According to the ICI data through Oct. 31, ETF assets grew by 6%, while total net assets in mutual funds declined by 1.3% over the same period to $11.6 trillion.
The popularity of ETFs also is evidenced by the fact ETF shares now represents 30% of the daily trading volume in the United States, up from 7% in 2006.
The trouble is, according to Eric Pollackov, managing director at ETF Capital Markets Charles Schwab & Co. Inc., a lot of advisers and investors are still taking the easy route of trading via market orders instead of the more-precise method of limit orders.
“I don’t think most people even realize they have a choice in how they trade,” said Mr. Pollackov, a former trader.

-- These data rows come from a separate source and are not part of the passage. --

Definition EA2 := forall A Cc D (d : Ev E D A) (c : aHom Cc D) (X : Cplx A Cc) (Y : Cplx A D),
  sr (pull E c d) X -> sr d Y ->
  exists f, chainMap X Y f /\ end0 f = aid A /\ endN f = c /\
    exists M : Cplx (cob X 1) D, isConeL X Y f M /\ sr (push E (d0' X) d) M.

Definition EA2op := forall A B Cc (d : Ev E Cc A) (a : aHom A B) (X : Cplx A Cc) (Y : Cplx B Cc),
  sr d X -> sr (push E a d) Y ->
  exists f, chainMap X Y f /\ end0 f = a /\ endN f = aid Cc /\
    exists M : Cplx A (cob Y n), isConeR X Y f M /\ sr (pull E (dn' Y) d) M.
End Structure.

Record NExCat (n : nat) := {
  xC : AddCat;
  xE : BiAdd xC;
  xs : @Realization xC xE n;
  xcls : @isClassReal xC xE n xs;
  xR0 : @R0 xC xE n xs;
  xR1 : @R1 xC xE n xs;
  xR2 : @R2 xC xE n xs;
  xEA1 : @EA1 xC xE n xs;
  xEA2 : @EA2 xC xE n xs;
  xEA2op : @EA2op xC xE n xs }.
Arguments xC {n}. Arguments xE {n}. Arguments xs {n}.

Record AddFunctor (C D : PreAdd) := {
  afo : aOb C -> aOb D;
  afm : forall X Y, aHom X Y -> aHom (afo X) (afo Y);
  afid : forall X, afm (aid X) = aid (afo X);
  afcmp : forall X Y Z (g : aHom Y Z) (f : aHom X Y), afm (acmp g f) = acmp (afm g) (afm f);
  afadd : forall X Y (f g : aHom X Y), afm (f + g)%R = (afm f + afm g)%R }.
Arguments afo {C D}. Arguments afm {C D} f {X Y} : rename.

Lemma afm0 (C D : PreAdd) (F : AddFunctor C D) X Y : afm F (0%R : aHom X Y) = 0%R.
Proof.
have h := afadd F (0%R : aHom X Y) 0%R. rewrite GRing.addr0 in h.
have : (afm F 0 + afm F 0 - afm F (0 : aHom X Y) = afm F 0 - afm F 0)%R by rewrite -h.
by rewrite GRing.addrK GRing.subrr.
Qed.

Definition mapCplx (C D : PreAdd) (n : nat) (F : AddFunctor C D) (A Z : aOb C)
  (X : @Cplx C n A Z) : @Cplx D n (afo F A) (afo F Z).
Proof.
refine {| cob := fun i => afo F (cob X i); cd := fun i => afm F (cd X i);
          cob0 := f_equal (afo F) (cob0 X); cobN := f_equal (afo F) (cobN X) |}.
by move=> i hi; rewrite -afcmp (csq X hi) afm0.
Defined.

Record ExFunctor (n : nat) (X Y : NExCat n) := {
  exF : AddFunctor (xC X) (xC Y);
  exG : forall Cc A, Ev (xE X) Cc A -> Ev (xE Y) (afo exF Cc) (afo exF A);
  exGadd : forall Cc A (x y : Ev (xE X) Cc A), exG (x + y)%R = (exG x + exG y)%R;
  exGpush : forall Cc A B (a : aHom A B) (x : Ev (xE X) Cc A),
      exG (push (xE X) a x) = push (xE Y) (afm exF a) (exG x);
  exGpull : forall Cc D A (c : aHom D Cc) (x : Ev (xE X) Cc A),
      exG (pull (xE X) c x) = pull (xE Y) (afm exF c) (exG x);
  exGreal : forall Cc A (d : Ev (xE X) Cc A) (Z : @Cplx (xC X) n A Cc),
      xs X _ _ d Z -> xs Y _ _ (exG d) (mapCplx exF Z) }.
Arguments exF {n X Y}. Arguments exG {n X Y} _ {Cc A}.

Record ExNatTrans (n : nat) (X Y : NExCat n) (F G : ExFunctor X Y) := {
  bth : forall Z, aHom (afo (exF F) Z) (afo (exF G) Z);
  bnat : forall Z W (f : aHom Z W), acmp (afm (exF G) f) (bth Z) = acmp (bth W) (afm (exF F) f);
  bex : forall Cc A (d : Ev (xE X) Cc A),
      push (xE Y) (bth A) (exG F d) = pull (xE Y) (bth Cc) (exG G d) }.
Arguments bth {n X Y F G}.

Definition toCat (C : PreAdd) : Cat :=
  @Build_Cat (aOb C) (fun X Y => (aHom X Y : Type)) (@aid C) (@acmp C)
    (fun W X Y Z h g f => (acmpA h g f)) (fun X Y f => (acmp1l f))
    (fun X Y f => (acmp1r f)).

Definition toBiF (C : PreAdd) (E : BiAdd C) : BiF (toCat C) :=
  @Build_BiF (toCat C) (fun Cc A => (Ev E Cc A : Type)) (@push C E) (@pull C E)
    (fun _ _ x => (push_id x)) (fun _ _ x => (pull_id x))
    (fun _ _ _ _ b a x => (push_cmp b a x)) (fun _ _ _ _ c d x => (pull_cmp c d x))
    (fun _ _ _ _ a c x => (push_pull a c x)).

Definition toFun (C D : PreAdd) (F : AddFunctor C D) : Functor (toCat C) (toCat D) :=
  @Build_Functor (toCat C) (toCat D) (afo F) (@afm C D F)
    (fun X => (afid F X)) (fun _ _ _ g f => (afcmp F g f)).

Definition exMor (n : nat) (X Y : NExCat n) (F : ExFunctor X Y) :
  BiFMor (toBiF (xE X)) (toBiF (xE Y)) :=
  @Build_BiFMor (toCat (xC X)) (toCat (xC Y)) (toBiF (xE X)) (toBiF (xE Y))
    (toFun (exF F)) (@exG n X Y F)
    (fun _ _ _ a x => (exGpush F a x)) (fun _ _ _ c x => (exGpull F c x)).

Definition bNT (n : nat) (X Y : NExCat n) (F G : ExFunctor X Y) (b : ExNatTrans F G) :
  NatTrans (toFun (exF F)) (toFun (exF G)) :=
  @Build_NatTrans (toCat (xC X)) (toCat (xC Y)) (toFun (exF F)) (toFun (exF G)) (bth b).

Definition bracket (n : nat) (X Y : NExCat n) (F G : ExFunctor X Y) (b : ExNatTrans F G) :
  NatTrans (ExtFun (exMor F)) (ExtFun (exMor G)) :=
  @genBracket _ _ _ _ (exMor F) (exMor G) (bNT b) (fun _ _ x => (bex b x)).

Lemma tilde_bracket_pf (n : nat) (X Y : NExCat n) (F G : ExFunctor X Y) (b : ExNatTrans F G)
  (P Q : TOb (toCat (xC X))) (x : TEv (toBiF (xE X)) P Q) :
  (tpush (ntc (tildeNT (bNT b)) Q) (tildeBg (exMor F) x) =
      tpull (ntc (tildeNT (bNT b)) P) (tildeBg (exMor G) x)).
Proof.
have [x1 x2] := tevpf x. apply: TEv_eq => /=.
have y1 : push (xE X) (tid Q) (tev x) = tev x := x1.
have y2 : pull (xE X) (tid P) (tev x) = tev x := x2.
rewrite !push_cmp !pull_cmp -exGpush y1 (bex b) push_pull -exGpush y1.
rewrite -exGpull y2 -(bex b) -push_pull -exGpull y2 (bex b).
done.
Qed.

Definition tildeBracket (n : nat) (X Y : NExCat n) (F G : ExFunctor X Y) (b : ExNatTrans F G) :
  NatTrans (ExtFun (tildeMor (exMor F))) (ExtFun (tildeMor (exMor G))) :=
  @genBracket _ _ _ _ (tildeMor (exMor F)) (tildeMor (exMor G)) (tildeNT (bNT b))
    (@tilde_bracket_pf n X Y F G b).

Definition ShinX (n : nat) (X : NExCat n) := Shin (toBiF (xE X)).

(* a morphism of the idempotent completion written as the triple (e_Y, f, e_X) *)
Definition triple (K : Cat) (P Q : TOb K) (f : THom P Q) :
  Hom (tob Q) (tob Q) * Hom (tob P) (tob Q) * Hom (tob P) (tob P) :=
  (tid Q, tmor f, tid P).

From mathcomp Require Import all_boot.

(* At an object (e_A, α, e_C), the left side has components
   (tilde ב)_{(A,e_A)} ∘ F e_A (and likewise at C), the right side
   G e_A ∘ (tilde ב)_{(A,e_A)}.  A component of tilde ב is a morphism of the
   idempotent completion, so it absorbs the idempotents on both sides and
   the two composites agree. *)

Lemma tildeNT_absorb (K L : Cat) (H M : Functor K L) (t : NatTrans H M) (P : TOb K) :
  cmp (tmor (ntc (tildeNT t) P)) (fmor H (tid P)) =
  cmp (fmor M (tid P)) (tmor (ntc (tildeNT t) P)).
Proof. by have [-> ->] := tcond (ntc (tildeNT t) P). Qed.

Lemma hcomp_tildeBracket_Shin (K L : Cat) (E : BiF K) (E' : BiF L) (M1 M2 : BiFMor E E')
  (t : NatTrans (bH M1) (bH M2))
  (pf : forall C A (x : gEv E C A),
          gpush E' (ntc t A) (bg M1 x) = gpull E' (ntc t C) (bg M2 x))
  (tpf : forall P Q (x : TEv E P Q),
          tpush (ntc (tildeNT t) Q) (tildeBg M1 x) = tpull (ntc (tildeNT t) P) (tildeBg M2 x))
  (X : ExtOb (tildeBiF E)) :
  triple (ntc (hcomp (tildeNT (@genBracket _ _ _ _ M1 M2 t pf)) (idNT (Shin E))) X) =
  triple (ntc (hcomp (idNT (Shin E'))
                     (@genBracket _ _ _ _ (tildeMor M1) (tildeMor M2) (tildeNT t) tpf)) X).
Proof. by congr (_, _, _); apply: ExtHom_eq => //=; apply: tildeNT_absorb. Qed.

Too often, he said, an adviser will trade using a market order that does not include restrictions on price or the time frame for the order to be executed.
A limit order, by contrast, sets a price and time frame for which the buy or sell order is open.
“A market order will guarantee a trade and a price, it just doesn’t guarantee an efficient price,” Mr. Pollackov said. “When it comes to ETFs, 90% of the time, you’re trading against a professional market maker, and when they see a market order come in they have the ability to price it wherever they see fit.”
This is especially important in the ETF space, where there could be just one market maker trading a particular ETF.
As opposed to individual stocks, “with ETFs,” Mr. Pollackov said, “you’re much more likely to be trading against a professional market maker. We advise clients to not use market orders at all.”
What Mr. Pollackov does recommend is marketable limit orders that can serve the dual purpose of executing the trade and managing the price.
For example, if an adviser wanted to buy 5,000 shares of a particular ETF that had a best-offer price of $25.10 for 200 shares, Mr. Pollackov recommends submitting a bid of $25.20 for 5,000 shares.
By bidding 10 cents over the best offer price, the limit order would buy the 200 shares offered at $25.10, along with the next-best-priced shares up to $25.20.
Submitting a simple market order for 5,000 shares would likely also get the first 200 shares at $25.10, but the buyer would have no control over how much was paid for the rest of the order.
“When I was a trader, there was nothing better than a market order, because we got to price the trade wherever we felt we could make an arbitrage,” Mr. Pollackov said.